Homological Lie brackets on moduli spaces and pushforward operations in twisted K-theory

TL;DR

This paper develops a theory of pushforward operations in twisted K-theory for principal G-bundles, constructs specific operations in the case G=BU(1), and applies these to define a graded Lie algebra structure relevant to enumerative geometry.

Contribution

It introduces new pushforward operations in twisted K-theory, proves their classification, and applies them to construct a graded Lie algebra structure on homology.

Findings

Constructed the projective Euler and rank pushforward operations.

Classified all stable pushforward operations in this setting.

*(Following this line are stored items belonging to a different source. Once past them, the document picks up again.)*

(* Assume Assumption A2 and Assumption A1(p) for some $p\ge1$ (see context), and let $0<\eta_s\le\eta_{\infty,p}$ for all $s$. Then for every $t\ge1$, \[\|\rho^{\mathrm{avg}}_t\|\le\frac{\eta_t^2H_t^2}{2}\zeta_1\zeta_2,\qquad\text{where }\ \rho^{\mathrm{avg}}_t=\frac1N\sum_{c=1}^N\big(I-(I-\eta_t\bar{\mathbf A}^c)^{H_t}\big)(\theta^c_\star-\theta_\star).\]
   Context: Setting: $N$ agents, dimension $d$. For each agent $c$: distribution $\pi_c$ on $(\mathsf Z,\mathcal Z)$, measurable $\mathbf A^c:\mathsf Z\to\mathbb R^{d\times d}$, $\mathbf b^c:\mathsf Z\to\mathbb R^d$, $\bar{\mathbf A}^c=\mathbb E_{\pi_c}[\mathbf A^c(Z)]$, $\bar{\mathbf b}^c=\mathbb E_{\pi_c}[\mathbf b^c(Z)]$, $\bar{\mathbf A}=N^{-1}\sum_c\bar{\mathbf A}^c$; $\theta_\star$ solves $\bar{\mathbf A}\theta_\star=N^{-1}\sum_c\bar{\mathbf b}^c$; $\theta^c_\star$ solves $\bar{\mathbf A}^c\theta^c_\star=\bar{\mathbf b}^c$; $\varepsilon^c(z)=(\mathbf A^c(z)-\bar{\mathbf A}^c)\theta^c_\star-(\mathbf b^c(z)-\bar{\mathbf b}^c)$. Assumption A1(p): each $-\bar{\mathbf A}^c$ Hurwitz; there exist $a>0,\eta_{\infty,p}>0$, $\eta_{\infty,p}a\le1/2$, with $\mathbb E^{1/p}_{Z\sim\pi_c}[\|(I-\eta\mathbf A^c(Z))u\|^p]\le(1-\eta a)\|u\|$ for all $0<\eta<\eta_{\infty,p}$, $u$. Assumption A2: samples i.i.d. per agent and independent; $\max_c\sup_z\|\varepsilon^c(z)\|<\infty$, $\max_c\sup_z\max(\|\mathbf A^c(z)\|,\|\mathbf A^c(z)-\bar{\mathbf A}^c\|)<\infty$. $H_t\in\mathbb N$ are the local step numbers. $\zeta_1^2=N^{-1}\sum_c\|\bar{\mathbf A}^c(\theta^c_\star-\theta_\star)\|^2$, $\zeta_2^2=N^{-1}\sum_c\|\bar{\mathbf A}^c-\bar{\mathbf A}\|^2$. *)

From HB Require Import structures.
From mathcomp Require Import all_boot all_order all_algebra.
From mathcomp Require Import complex.
From mathcomp Require Import all_classical all_reals all_analysis.
Set Implicit Arguments. Unset Strict Implicit. Unset Printing Implicit Defensive.
Import Order.TTheory GRing.Theory Num.Theory.
Local Open Scope ring_scope.
Local Open Scope classical_set_scope.

Section Defs.
Variable R : realType.

Definition vnorm (d : nat) (v : 'cV[R]_d) : R :=
  Num.sqrt (\sum_(i < d) (v i ord0) ^+ 2).

Definition opnorm (d : nat) (M : 'M[R]_d) : R :=
  sup [set r : R | exists u : 'cV[R]_d, vnorm u <= 1 /\ r = vnorm (M *m u)].

Definition hurwitz (d : nat) (M : 'M[R]_d) : Prop :=
  forall z : R[i],
    root (map_poly (fun x : R => Complex x 0) (char_poly M)) z -> complex.Re z < 0.

Definition mexp (dm : measure_display) (Z : measurableType dm)
    (P : probability Z R) (m n : nat) (F : Z -> 'M[R]_(m, n)) : 'M[R]_(m, n) :=
  \matrix_(i, j) fine (\int[P]_z (F z i j)%:E).

End Defs.

(* Write X_c = I - eta A_c and Y = I - eta A for the averaged matrix A.  Since
   I - X_c^H = eta (sum_{j<H} X_c^j) A_c and the drifts g_c = A_c (theta_c - theta_star)
   sum to zero (both parameters solve their linear systems), the bias is
   rho = (eta / N) sum_c sum_{j<H} (X_c^j - Y^j) g_c.  Assumption A1 combined with
   |E v| <= E |v| <= (E |v|^p)^(1/p) makes every X_c, hence their average Y,
   nonexpansive, and then |X_c^j - Y^j| <= j |X_c - Y| = j eta |A_c - A| by
   telescoping.  Summing over j < H gives H^2 / 2, and Cauchy-Schwarz over the
   agents gives zeta1 zeta2. *)

From HB Require Import structures.
From mathcomp Require Import all_boot all_order all_algebra.
From mathcomp Require Import complex.
From mathcomp Require Import all_classical all_reals all_analysis.
From mathcomp Require Import measurable_realfun.
From mathcomp Require Import ring lra.
Set Implicit Arguments.
Unset Strict Implicit.
Unset Printing Implicit Defensive.
Import Order.TTheory GRing.Theory Num.Theory.
Local Open Scope ring_scope.
Local Open Scope classical_set_scope.

Section EuclideanNorm.
Variable R : realType.

Let sumr_sqr_ge0 (I : finType) (x : I -> R) : 0 <= \sum_i x i ^+ 2.
Proof. by rewrite sumr_ge0// => i _; rewrite sqr_ge0. Qed.

Lemma sum_mul_sqr_le (I : finType) (x y : I -> R) :
  (\sum_i x i * y i) ^+ 2 <= (\sum_i x i ^+ 2) * (\sum_i y i ^+ 2).
Proof.
set X := \sum_i x i ^+ 2; set Y := \sum_i y i ^+ 2; set S := \sum_i x i * y i.
have [X_eq0|X_neq0] := eqVneq X 0.
  have x0 i : x i = 0.
    by apply/eqP; rewrite -sqrf_eq0; apply/eqP/(psumr_eq0P _ X_eq0) => // j _; rewrite sqr_ge0.
  by rewrite /S big1 ?expr0n ?X_eq0 ?mul0r// => i _; rewrite x0 mul0r.
have X_gt0 : 0 < X by rewrite lt_neqAle eq_sym X_neq0 sumr_sqr_ge0.
(* the quadratic [t |-> \sum_i (t x_i - y_i)^2] is minimal at [t = S / X] *)
have := sumr_sqr_ge0 (fun i => x i * (S / X) - y i).
have -> : \sum_i (x i * (S / X) - y i) ^+ 2 = Y - S ^+ 2 / X.
  have -> : Y - S ^+ 2 / X = (S / X) ^+ 2 * X - 2 * (S / X) * S + Y.
    by field; rewrite X_neq0.
  rewrite /X /Y /S !mulr_sumr -sumrB -big_split /=; apply: eq_bigr => i _; ring.
by rewrite subr_ge0 ler_pdivrMr// mulrC.
Qed.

Established a graded Lie algebra structure on homology of certain H-spaces.

Abstract

We develop a general theory of pushforward operations for principal $G$-bundles equipped with a certain type of orientation. In the case $G=BU(1)$ and orientations in twisted K-theory we construct two pushforward operations, the projective Euler operation, whose existence was conjectured by Joyce, and the projective rank operation. We classify all stable pushforward operations in this context and show that they are all generated by the projective Euler and rank operation. As an application, we construct a graded Lie algebra structure on the homology of a commutative H-space with a compatible $BU(1)$-action and orientation. These play an important role in the context of wall-crossing formulas in enumerative geometry.